A lógica do sistema é universal. Cada produto perigoso recebe um número de identificação ONU (de 4 dígitos, por exemplo UN1170 para etanol ou UN1789 para ácido clorídrico) e uma classe + subclasse de risco. Esse código define embalagem permitida, rotulagem obrigatória, segregação na carga, documentação requerida e requisitos do veículo. O sistema funciona porque é o mesmo em todo o mundo — caminhão brasileiro com carga ONU corretamente identificada é aceito em fiscalização internacional.

As nove classes ONU e o que muda em cada uma

A tabela abaixo organiza as classes para uso prático na indústria brasileira.

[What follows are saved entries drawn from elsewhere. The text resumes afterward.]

Lemma sigma1_local_nf a t : in_Sigma1 t -> Forall (eq a) (vars t) ->
  exists l, (forall u, In u l -> in_T_capcompID u /\ vo u <= vo t) /\
            forall M x y, interp M t x y <-> local_union a l M x y.
Proof.
elim=> {t} [t S0t|t s _ IHt _ IHs|t s _ IHt _ IHs|t s _ IHt _ IHs|t p _ IHt] /=.
- exact: sigma0_local_nf.
- move/Forall_app=> [/IHt [lt [Tt Et]] /IHs [ls [Ts Es]]].
  exists (lt ++ ls); split=> [u /in_app_iff [/Tt|/Ts] [? ?]|M x y]; try (split=> //; lia).
  by rewrite local_union_app Et Es.
- move/Forall_app=> [/IHt [lt [Tt Et]] /IHs [ls [Ts Es]]].
  exists (prod_map (@Cap _) lt ls).
  split=> [_ /In_prod_map [u1 [u2 [/Tt [? ?] /Ts [? ?] ->]]]|M x y].
  + by split=> //=; lia.
  + by rewrite local_union_cap Et Es.
- move/Forall_app=> [/IHt [lt [Tt Et]] /IHs [ls [Ts Es]]].
  exists (prod_map (@Comp _) lt ls).
  split=> [_ /In_prod_map [u1 [u2 [/Tt [? ?] /Ts [? ?] ->]]]|M x y].
  + by split=> //=; lia.
  + by rewrite local_union_comp; split=> -[z [/Et ? /Es ?]]; exists z.
- move/IHt=> [l [Tl El]].
  exists (flat_map (perm_nf (val (p ord0) == 0) (val (p (@Ordinal 2 1 isT)) == 0)) l); split.
  + by move=> u /in_flat_map [u0 [/Tl [Tu0 ?] /(perm_nf_T _ _ _ _ Tu0) [? ->]]].
  + move=> M x y; rewrite /tup El local_union_flat_map.
    by split=> -[u lu Hu]; exists u => //; apply/perm_nf_spec => //; case: (Tl u lu).
Qed.

Definition uniform_struct (a : V) (f : aformula) M : structure V :=
  pullback (fun _ : V => f) (formula_struct a M).

Lemma local_T_le1_rep a {n : nat} {rep : 'I_n -> term V} :
  (forall t, in_T_capcompID t -> vo t <= 1 -> exists i, rel_equiv t (rep i)) ->
  forall u, in_T_capcompID u -> vo u <= 1 -> exists i f, forall M x y,
    interp (formula_struct a M) u x y <-> interp (uniform_struct a f M) (rep i) x y.
Proof.
move=> rep_cover u Tu vou.
have [f Ef] := interp_rename_const_le1 [ffun _ => false] a u vou.
have [Tu' vou'] := rename_T (fun _ => a) u Tu.
have [i Ei] := rep_cover _ Tu' (leq_trans (eq_leq vou') vou).
by exists i, f => M x y; rewrite Ef; apply: Ei.
Qed.

End LocalNormalForm.

Theorem lemma4p9 (V : finType) (HV : (0 < #|V|)%N) :
  finite_quotient_le (@in_T_capcompID V) 1 ->
  finite_quotient_le (@in_Sigma1 V) 1.
Proof.
move=> /finite_quotient_le_index [n [rep rep_cover]].
have [a0 _] := card_gt0P HV.
pose den (c : V * {set 'I_n * aformula}) (M : structure V) (x y : carrier M) :=
  exists2 p, p \in c.2 & interp (uniform_struct c.1 p.2 M) (rep p.1) x y.
apply: (finite_quotient_le_of_classes _ den) => t S1t vot.
have [a onlya] := vars_le1 a0 t vot.
have [l [Tl El]] := sigma1_local_nf a t S1t onlya.
pose represents u (p : 'I_n * aformula) := forall M x y,
  interp (formula_struct a M) u x y <-> interp (uniform_struct a p.2 M) (rep p.1) x y.
exists (a, [set p | `[< exists2 u, In u l & represents u p >]]) => M x y.
rewrite El; split=> [[u ul uxy]|[p /[!inE] /asboolP [u ul up] pxy]].
- have [Tu vou] := Tl u ul.
  have [i [f uif]] := local_T_le1_rep a rep_cover u Tu (leq_trans vou vot).
  by exists (i, f); [rewrite inE; apply/asboolP; exists u | apply/uif].
- by exists u => //; apply/up.
Qed.
Local Open Scope ring_scope.
Definition omega1_dense (R : realType) (d : Order.disp_t) (W : orderType d) (A : set R) : Prop :=
  forall a b : R, a < b -> card_eq ([set x | a < x < b] `&` A) [set: W].

Definition order_isomorphic (R : realType) (A B : set R) : Prop :=
  exists f : R -> R, set_bij A B f /\ (forall x y, A x -> A y -> x < y -> f x < f y).

(* Take the type with n_k = 2 and r_k the 2-adic valuation of k, and a
   2-capturing construction scheme of that type.  For a in omega_1 and a level j, the
   position of a inside a member of rank j containing a does not depend on the member
   (coherence); read as the digits of a mixed-radix expansion, these positions give an
   injection x of omega_1 into [0, 1].  If F of rank l+1 splits as F_0 U F_1 with root
   R, the increasing bijection F_0 -> F_1 fixes R and, off R, keeps the digits below
   level l+1 while raising digit l+1; so it raises x weakly, and strictly off R.
   Capturing a pair {a, b} thus makes x increase on both coordinates at once, hence x
   cannot reverse an uncountable family of pairs (a, h a).
   Split omega_1 into countably many disjoint uncountable pieces and put on each piece a
   copy of x scaled into some rational interval: the result A is omega_1-dense, and so is
   B = -A.  An order isomorphism A -> B, restricted to an uncountable set on which the
   pieces of a and of its image h a are fixed, would be such a reversal of x. *)

From HB Require Import structures.
From mathcomp Require Import all_boot all_order all_algebra finmap.
From mathcomp Require Import boolp classical_sets functions cardinality reals.
From mathcomp Require Import zify ring lra.
Set Implicit Arguments. Unset Strict Implicit. Unset Printing Implicit Defensive.
Import Order.TTheory GRing.Theory Num.Theory.

Section Countability.
Local Open Scope classical_set_scope.

Lemma countableU T (A B : set T) : countable A -> countable B -> countable (A `|` B).
Proof.
by move=> cA cB; rewrite -bigcup2E; apply: bigcup_countable => // -[|[|i]] _.
Qed.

Classe ONU Tipo de risco Exemplos industriais típicos Símbolo de risco Requisito específico crítico
1 Explosivos Detonadores, pólvora industrial Bomba Veículo dedicado + escolta
2 Gases GLP, oxigênio, acetileno, amônia Cilindro Suporte fixo + válvula proteção
3 Líquidos inflamáveis Solvente, tinta, álcool, gasolina Chama Aterramento + ventilação
4 Sólidos inflamáveis Fósforo branco, magnésio, carvão ativado Chama Embalagem hermética
5 Oxidantes / peróxidos Nitrato, perclorato, peróxido orgânico Círculo flamejante Segregação rígida classe 3
6 Tóxicos / infecciosos Pesticida, defensivo, resíduo hospitalar Caveira Cabine separada do compartimento
7 Radioativos Fonte selada industrial, isótopo Trifólio Licença CNEN específica
8 Corrosivos Ácido, base, lodo galvânico Tubos de ensaio Embalagem química resistente
9 Perigosos diversos Bateria de lítio, asbesto, OGM, OLUC Linhas pretas Cuidados específicos por subclasse
Não-perigoso Resíduo Classe IIA/IIB sem risco ONU Sucata, papel, areia regenerada Sem símbolo Documentação simplificada

A leitura prática para indústria: Classes 3 (líquido inflamável), 6 (tóxico) e 8 (corrosivo) cobrem a esmagadora maioria do resíduo perigoso brasileiro. Classes 9 inclui categorias específicas em crescimento — bateria de lítio (UN3480 e UN3481), painel solar (UN2812 substância sólida tóxica) e resíduo eletrônico contaminado que cobrimos em post P1 anterior. A classificação correta do resíduo é o ponto de partida de toda a documentação subsequente.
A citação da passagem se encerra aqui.